I also have the intellectual capacity to understand that I cannot use just once. I don’t really want to use just once. Sometimes, I fantasise about the good ol’ days when my using was recreational, but in reality I just want to be high all day, every day, minus all of the consequences. And if I’m being honest, my using was never really recreational. It was always some kind of escape. Be it from boredom, loneliness, anxiety, whatever. I know that when I start using it is going to end in one of those three ways. Jails, institutions, death. The top secret fourth option is to get clean. But that too, ends in death eventually, so to keep it simple let’s stick with three.
Generally, it is not that first drink/drug that gets someone into rehab, behind bars or dead. It’s highly unlikely, in fact. And that’s why I think denial can become so overpowering. It is so easy for me to live with a “I’ll deal with that problem tomorrow” philosophy. You know what they say, tomorrow never comes.

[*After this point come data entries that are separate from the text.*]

Lemma jrad_charP (U : {aspace A}) x : 1 \in U ->
  jrad U x <-> x \in U /\ forall i, chi i x = 0.
Proof.
move=> U1; split=> [[Ux Uinv] | [Ux chix0]].
  split=> // i; apply/eqP/negP => /negP chix_neq0.
  have [z _ [zK _]] := Uinv _ (memvZ (chi i x)^-1 U1).
  move/(congr1 (chi i))/eqP: zK; rewrite chiM linearB /= chiM linearZ /= chi1.
  by rewrite mulr1 mulVf // subrr mulr0 eq_sym oner_eq0.
split=> // y Uy; set t := y * x.
have Ut k : t ^+ k \in U by elim: k => [|k IH]; rewrite ?expr0 // exprS !memvM.
have t_nil : t ^+ N = 0 by apply: chi_nil => i; rewrite chiM chix0 mulr0.
exists (\sum_(k < N) t ^+ k); first exact: memv_suml.
exact: geometric_inverse.
Qed.

End Characters.

Section Idempotents.
Variables (K : fieldType) (A : falgType K).

Lemma central_idem_comm (c : A) : central_idem c -> forall y, c * y = y * c.
Proof.
case=> + _; rewrite memv_cap => /andP[_ /centvP c_comm] y.
exact: c_comm (memvf y).
Qed.

Lemma across_blocks_eq0 (c1 c2 f g y : A) :
  central_idem c1 -> c1 + c2 = 1 -> f * c1 = f -> g * c2 = g -> f * y * g = 0.
Proof.
move=> c1Z c12 fc1 gc2; have c2E : c2 = 1 - c1 by rewrite -c12 addrC addKr.
have gc1 : g * c1 = 0.
  by rewrite -gc2 -mulrA c2E mulrBl mul1r (proj2 c1Z) subrr mulr0.
by rewrite -fc1 -!mulrA (central_idem_comm c1Z) -!mulrA gc1 !mulr0.
Qed.

End Idempotents.

Lemma comm_idem_unlinked (R : pzRingType) (V : finType) (e : V -> R) u v z :
  (forall x y, e x * e y = if x == y then e x else 0) -> \sum_x e x = 1 ->
  (forall y, e u * y * e v = 0) -> (forall y, e v * y * e u = 0) ->
  (forall x, x != u -> x != v -> e x * z = z * e x) -> e u * z = z * e u.
Proof.
move=> eM sum_e uv0 vu0 z_comm.
have -> : e u * z = e u * z * e u.
  rewrite -{1}[e u * z]mulr1 -sum_e mulr_sumr (bigD1 u) //= big1 ?addr0 //.
  move=> x xu.
  have [-> // | xv] := eqVneq x v.
  by rewrite -mulrA -z_comm // mulrA eM eq_sym (negbTE xu) mul0r.
rewrite -mulrA; apply/esym.
rewrite -{1}[z * e u]mul1r -sum_e mulr_suml (bigD1 u) //= big1 ?addr0 //.
move=> x xu.
have [-> | xv] := eqVneq x v; first by rewrite mulrA.
by rewrite mulrA z_comm // -mulrA eM (negbTE xu) mulr0.
Qed.

Lemma memv_prod (K : fieldType) (A : falgType K) (U : {aspace A}) (I : Type)
    (r : seq I) (F : I -> A) :
  1 \in U -> (forall i, F i \in U) -> \prod_(i <- r) F i \in U.
Proof.
move=> U1 FU; elim: r => [|i r IH]; first by rewrite big_nil.
by rewrite big_cons memvM.
Qed.

Section MonomialAlgebra.
Variables (K : fieldType) (A : falgType K) (V E : finType) (src tgt : E -> V).
Variables (rels : pred (seq E)) (N : nat) (e : V -> A) (a : E -> A).
Hypothesis presA : monomial_presentation src tgt rels N e a.

Local Notation walk := (is_walk src tgt).
Local Notation wv := (wval e a).
Local Notation paths := (nzpaths src tgt rels N).
Local Notation P := (in_tuple paths).
Local Notation n := (size paths).
Local Notation pbasis := (map_tuple (fun q => wv q.1 q.2) P).
Local Notation bv i := (wv (tnth P i).1 (tnth P i).2).
Local Notation coordA := (coord pbasis).

Lemma mul_ee x y : e x * e y = if x == y then e x else 0.
Proof. by case: presA => _ _ []. Qed.

Lemma sum_e : \sum_x e x = 1.
Proof. by case: presA => _ _ []. Qed.

Lemma mul_src_a b : e (src b) * a b = a b.
Proof. by case: presA => _ _ [_ _ /(_ b)[]]. Qed.

Lemma mul_a_tgt b : a b * e (tgt b) = a b.
Proof. by case: presA => _ _ [_ _ /(_ b)[]]. Qed.

Lemma walk_cons x b p : walk x (b :: p) = (src b == x) && walk (tgt b) p.
Proof.
rewrite /is_walk /=; case: p => [|c p] /=; first by rewrite andbT.
by rewrite (eq_sym (src c)); case: (_ == _); case: (_ == _); case: path.
Qed.

Lemma walk_cat x p p' :
  walk x p -> walk (last x (map tgt p)) p' -> walk x (p ++ p').
Proof.
elim: p x => [|b p IH] x //=.
by rewrite !walk_cons => /andP[-> /IH].
Qed.

Lemma wval_nil x : wv x [::] = e x.
Proof. by rewrite /wval big_nil mulr1. Qed.

Lemma wval_cons x b p : src b = x -> wv x (b :: p) = a b * wv (tgt b) p.
Proof.
by move=> <-; rewrite /wval big_cons mulrA mul_src_a -{1}mul_a_tgt -!mulrA.
Qed.

Lemma wval_arrow b : a b = wv (src b) [:: b].
Proof. by rewrite wval_cons // wval_nil mul_a_tgt. Qed.

Lemma wval_mul_e x p y : walk x p ->
  wv x p * e y = if last x (map tgt p) == y then wv x p else 0.
Proof.
elim: p x => [|b p IH] x /=; first by rewrite wval_nil mul_ee.
rewrite walk_cons => /andP[/eqP bx w]; rewrite wval_cons // -mulrA IH //.
by case: ifP; rewrite ?mulr0.
Qed.

Lemma wvalM x p y p' : walk x p ->
  wv x p * wv y p' = if last x (map tgt p) == y then wv x (p ++ p') else 0.
Proof.
move=> w; rewrite {2}/wval mulrA wval_mul_e //.
by case: ifP; rewrite ?mul0r // /wval big_cat mulrA.
Qed.

Lemma mem_words M p : (p \in words E M) = (size p <= M)%N.
Proof.
elim: M p => [|M IH] [|b p] //=; rewrite inE //=.
apply/allpairsP/idP => [[[c w] [_ /= wM [_ ->]]] | pM].
  by rewrite ltnS -IH.
by exists (b, p); rewrite mem_enum IH.
Qed.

And without fail, tomorrow always comes (lately, all over my face, into my eyes, eww). I’m blind, but I can feel the warmth of the sunrise shining on me in the morning and the nip in the air as it sets each evening without fail. I continue to sit on my lazy ass moaning about how boring my sober life is or running around frantically using like a maniac. I’ll rebuild my sober life tomorrow. I’ll stop using tomorrow.
The other classic line you’ve probably heard if you’ve been to a rehab is the moniker for denial. Don’t Even No I Am Lying. And as tired as I am of hearing that crap, unlike the allergy analogy and unlike any gram I've ever purchased, this one is bang on point. I know facts yet still my mind can convince me to act against reason and defy logic. My final recovery cliché for today, the definition of insanity.
And addiction is insanity. It's so dumb, I do sometimes feel like I'm just being completely retarded. Today's JFT says "Addiction is not a simple disease, but it has a simple solution". This sums it up perfectly, and explains why I feel like such a jackass for being seemingly incapable of executing this ‘simple solution’.
To wrap this all up I want to go back to the original question which was looking at addiction as an allergy. And I specifically want to reference Antabuse. Firstly, if I was allergic to alcohol I would under no circumstances take a medicine that provokes an allergic reaction upon my consumption of alcohol, I would have no need. Secondly, I know several people who have drunk on Antabuse multiple times, with catastrophic results. The allergic reaction does not stop them repeating the behaviour. Finally, in the case of the chronic alcoholic whose liver would fail simply from using Listerine, we have an example whereby one drink is highly likely to lead to death. And that doesn’t stop some people drinking.
What exactly are the symptoms of anaphylaxis? Impaired breathing, swelling in the throat, a sudden drop in blood pressure, pale skin or blue lips, fainting and dizziness.
Chuck in respiratory failure and it sounds a lot like a jelly overdose to me. Need an epi pen? Here, have naloxone.
So is addiction an allergy? I guess so. But that analogy hasn’t done anything to help me stop using. I fucking hate recovery clichés. Thing is, they’re clichés for a reason, people say them over and over again because they are true.